Configure and build from an x64 Native Tools Command Prompt for VS 2026 (so cl, nvcc and ninja are on PATH):

cmake -G Ninja -B build-win -DCMAKE_BUILD_TYPE=Release ^
  -DCMAKE_PREFIX_PATH="C:/deps;C:/Qt/6.11.1/msvc2022_64"
cmake --build build-win --target jfjoch_viewer

Notes:

  • CMAKE_PREFIX_PATH (the C:/deps prefix plus Qt) is the only required flag — CMake finds zlib and Eigen from the prefix, so no separate -DZLIB_ROOT is needed.
  • The CUDA toolchain is located automatically from the CUDA_PATH environment variable that the CUDA installer sets (or from nvcc on PATH). Pass -DCMAKE_CUDA_COMPILER=".../bin/nvcc.exe" only if nvcc is installed in a nonstandard location and is not found.
  • For a machine without an NVIDIA GPU, add -DJFJOCH_USE_CUDA=OFF: the viewer then runs the same pipeline on the CPU (FFTW indexer) at lower throughput.

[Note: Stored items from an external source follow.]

Lemma shortest_cover_uniq adj R st L w : cover_walk adj R st L -> uniq L ->
  shortest_cover adj R st w -> uniq w /\ size w = size L.
Proof.
move=> coverL uL [[_ _ _ _ Rw] minw].
have [_ _ LR _ _] := coverL.
have Lw : {subset L <= w} by move=> v /(allP LR) /Rw.
have le := minw L coverL.
split; first exact: leq_size_uniq uL Lw le.
by apply/eqP; rewrite eqn_leq le uniq_leq_size.
Qed.

Lemma cover_walk_induced_path adj R (st : pred nat) L :
  induced_path adj L -> R =i L -> 0 < size L -> st (head 0 L) -> cover_walk adj R st L.
Proof.
move=> [_ pL _] RL L0 stL; split => //.
- by rewrite -size_eq0 -lt0n.
- by apply/allP => v; rewrite RL.
- by move=> v; rewrite RL.
Qed.

Lemma shortest_cover_induced_path adj R r loc L w :
  induced_path adj L -> R =i L -> placed_along loc r L -> 0 < size L ->
  shortest_cover adj R (fun v => loc v == r) w -> w = L.
Proof.
move=> pL RL placed L0 shw; have [uL _ chL] := pL.
have coverL : cover_walk adj R (fun v => loc v == r) L.
  by apply: cover_walk_induced_path => //=; rewrite -nth0 placed // addn0.
have [uw sw] := shortest_cover_uniq coverL uL shw.
have [[w0 hw wR pw _] _] := shw.
have wL : {subset w <= L} by move=> v /(allP wR); rewrite RL.
have hL : head 0 w \in L by apply: wL; case: (w) w0 => // v w1 _; apply: mem_head.
have ilt : index (head 0 w) L < size L by rewrite index_mem.
have := placed _ ilt; rewrite nth_index // (eqP hw) => ri.
have hwL : head 0 w = head 0 L.
  by rewrite -(nth_index 0 hL) (_ : index _ _ = 0) ?nth0 //; lia.
exact: chordless_walk_eq uL chL uw pw hwL wL sw.
Qed.

Fixpoint qft_cnots (m : nat) : nat :=
  if m is m'.+1 then cascade_cnots m + qft_cnots m' else 0.

Lemma run_rest_cons r w ws R loc :
  run_rest r (w :: ws) R loc =
  (cascade r w loc).1 ++ run_rest r.+1 ws [seq v <- R | (cascade r w loc).2 v != r]
                                         (cascade r w loc).2.
Proof. by []. Qed.

Lemma run_rest_starts_with_H r ws R loc : starts_with_H (run_rest r ws R loc).
Proof. by case: ws. Qed.

Lemma run_rest_cnot_cost adj ws r R L loc :
  size ws = size L -> induced_path adj L -> R =i L -> placed_along loc r L ->
  valid_rest adj r ws R loc -> cnot_cost (run_rest r ws R loc) = qft_cnots (size L).
Proof.
elim: ws r R L loc => [|w ws IH] r R L loc sz pL RL placed.
  by case: L sz {pL RL placed}.
move=> [shw valid]; have L0 : 0 < size L by rewrite -sz.
have wL := shortest_cover_induced_path pL RL placed L0 shw; subst w.
have [uL _ _] := pL.
rewrite run_rest_cons cnot_cost_cat ?run_rest_starts_with_H // cascade_cnot_cost //.
rewrite (IH _ _ (cascade_rest L)) //.
- by rewrite size_cascade_rest; case: (size L) L0.
- by rewrite size_cascade_rest -sz.
- exact: induced_path_cascade_rest.
- by move=> v; rewrite mem_filter RL (mem_cascade_rest uL placed) andbC.
- exact: cascade_placed.
Qed.

Lemma path_adj_walk_monotone n x s : uniq (x :: s) -> path (path_adj n) x s ->
  (forall i, i <= size s -> nth 0 (x :: s) i = x + i) \/
  (forall i, i <= size s -> nth 0 (x :: s) i + i = x).
Proof.
elim: s x => [|y s IH] x uxs pxs; first by left; case => // _; rewrite addn0.
have /andP[xy pys] : path_adj n x y && path (path_adj n) y s := pxs.
have /andP[xNys uys] : (x \notin y :: s) && uniq (y :: s) := uxs.
have {}xy : y = x.+1 \/ x = y.+1 by move: xy => /and3P[_ _ /orP[/eqP|/eqP]]; [left|right].
case: s IH uxs pxs xNys uys pys => [|z s] IH _ _ xNys uys pys.
  by case: xy => ->; [left|right] => -[|[|i]] //= _; lia.
have xz : x != z by apply: contraNneq xNys => ->; rewrite !inE eqxx orbT.
case: (IH y uys pys) => mono; [left|right] => -[|i] ilt; rewrite ?addn0 //.
all: by have := mono 1 isT; have := mono i ilt; rewrite /=; lia.
Qed.

Lemma path_adj_chordless n L :
  uniq L -> path (path_adj n) (head 0 L) (behead L) -> chordless (path_adj n) L.
Proof.
case: L => [|x s] // uL pL i j ij js /and3P[_ _ ij_adj].
have jlt : j <= size s := js.
have ilt : i <= size s := ltnW (leq_trans ij jlt).
by case: (path_adj_walk_monotone uL pL) => mono;
  move: ij_adj (mono i ilt) (mono j jlt); lia.
Qed.

Lemma path_adj_iota n m k : m + k < n -> path (path_adj n) m (iota m.+1 k).
Proof.
elim: k m => [|k IH] m mkn //=.
rewrite IH; last lia.
by rewrite /path_adj eqxx orTb !andbT; apply/andP; split; lia.
Qed.

Lemma cover_walk_iota n : 0 < n -> cover_walk (path_adj n) (iota 0 n) predT (iota 0 n).
Proof.
by case: n => // n _; split => //; apply: path_adj_iota; rewrite add0n.
Qed.

Lemma qft_cnots_closed n : 2 <= n -> 2 * qft_cnots n + 3 * n + 2 = 3 * n ^ 2.
Proof.
case: n => [|[|k]] // _; elim: k => [|k IH] //.
have -> : qft_cnots k.+3 = 3 * k.+2 + qft_cnots k.+2 by [].
by move: IH; lia.
Qed.

Lemma qft_path_cnot_cost n c :
  2 <= n -> qft_produces (path_adj n) n c -> cnot_cost c = qft_cnots n.
Proof.
move=> n2 [P [ws [shP ws_size valid ->]]].
have n0 : 0 < n by lia.
have [uP sizeP] := shortest_cover_uniq (cover_walk_iota n0) (iota_uniq 0 n) shP.
rewrite size_iota in sizeP.
have [[_ _ PV pP VP] minP] := shP.
have iotaP : iota 0 n =i P by move=> v; apply/idP/idP => [/VP|/(allP PV)].
have placedP : placed_along (init_loc P) 1 P.
  by move=> i iP; rewrite /init_loc undup_id // index_uniq.
have indP : induced_path (path_adj n) P by split => //; exact: path_adj_chordless.
have shP1 : shortest_cover (path_adj n) (iota 0 n) (fun v => init_loc P v == 1) P.
  have P0 : 0 < size P by rewrite sizeP.
  split; first by apply: cover_walk_induced_path => //=; rewrite -nth0 placedP.
  by move=> w [w0 _ wV pw Vw]; apply: minP.
change (cnot_cost (run_rest 1 (P :: ws) (iota 0 n) (init_loc P)) = qft_cnots n).
by rewrite (run_rest_cnot_cost (adj := path_adj n) (L := P)) ?sizeP //= ws_size; lia.
Qed.

Local Open Scope ring_scope.

Theorem lemma6 (n : nat) (c : seq gate) :
  (2 <= n)%N -> qft_produces (path_adj n) n c ->
  (cnot_cost c)%:R = (3%:R / 2%:R) * (n%:R) ^+ 2 - (3%:R / 2%:R) * n%:R - 1 :> rat.
Proof.
move=> n2 qft; rewrite (qft_path_cnot_cost n2 qft).
have : (2 * qft_cnots n + 3 * n + 2)%N%:R = (3 * n ^ 2)%N%:R :> rat.
  by rewrite qft_cnots_closed.
rewrite !natrD !natrM expr2.
lra.
Qed.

To produce a self-contained installer (bundles the Qt runtime via windeployqt and — on the CUDA build — the cuFFT runtime DLL, so the target host needs neither Qt nor a CUDA toolkit), with NSIS installed:

cd build-win
cpack

The NSIS generator is selected automatically on Windows (no -G needed). What comes out, and how the CUDA and CPU variants are named and told apart, is described in Release contents ▸ Windows installer.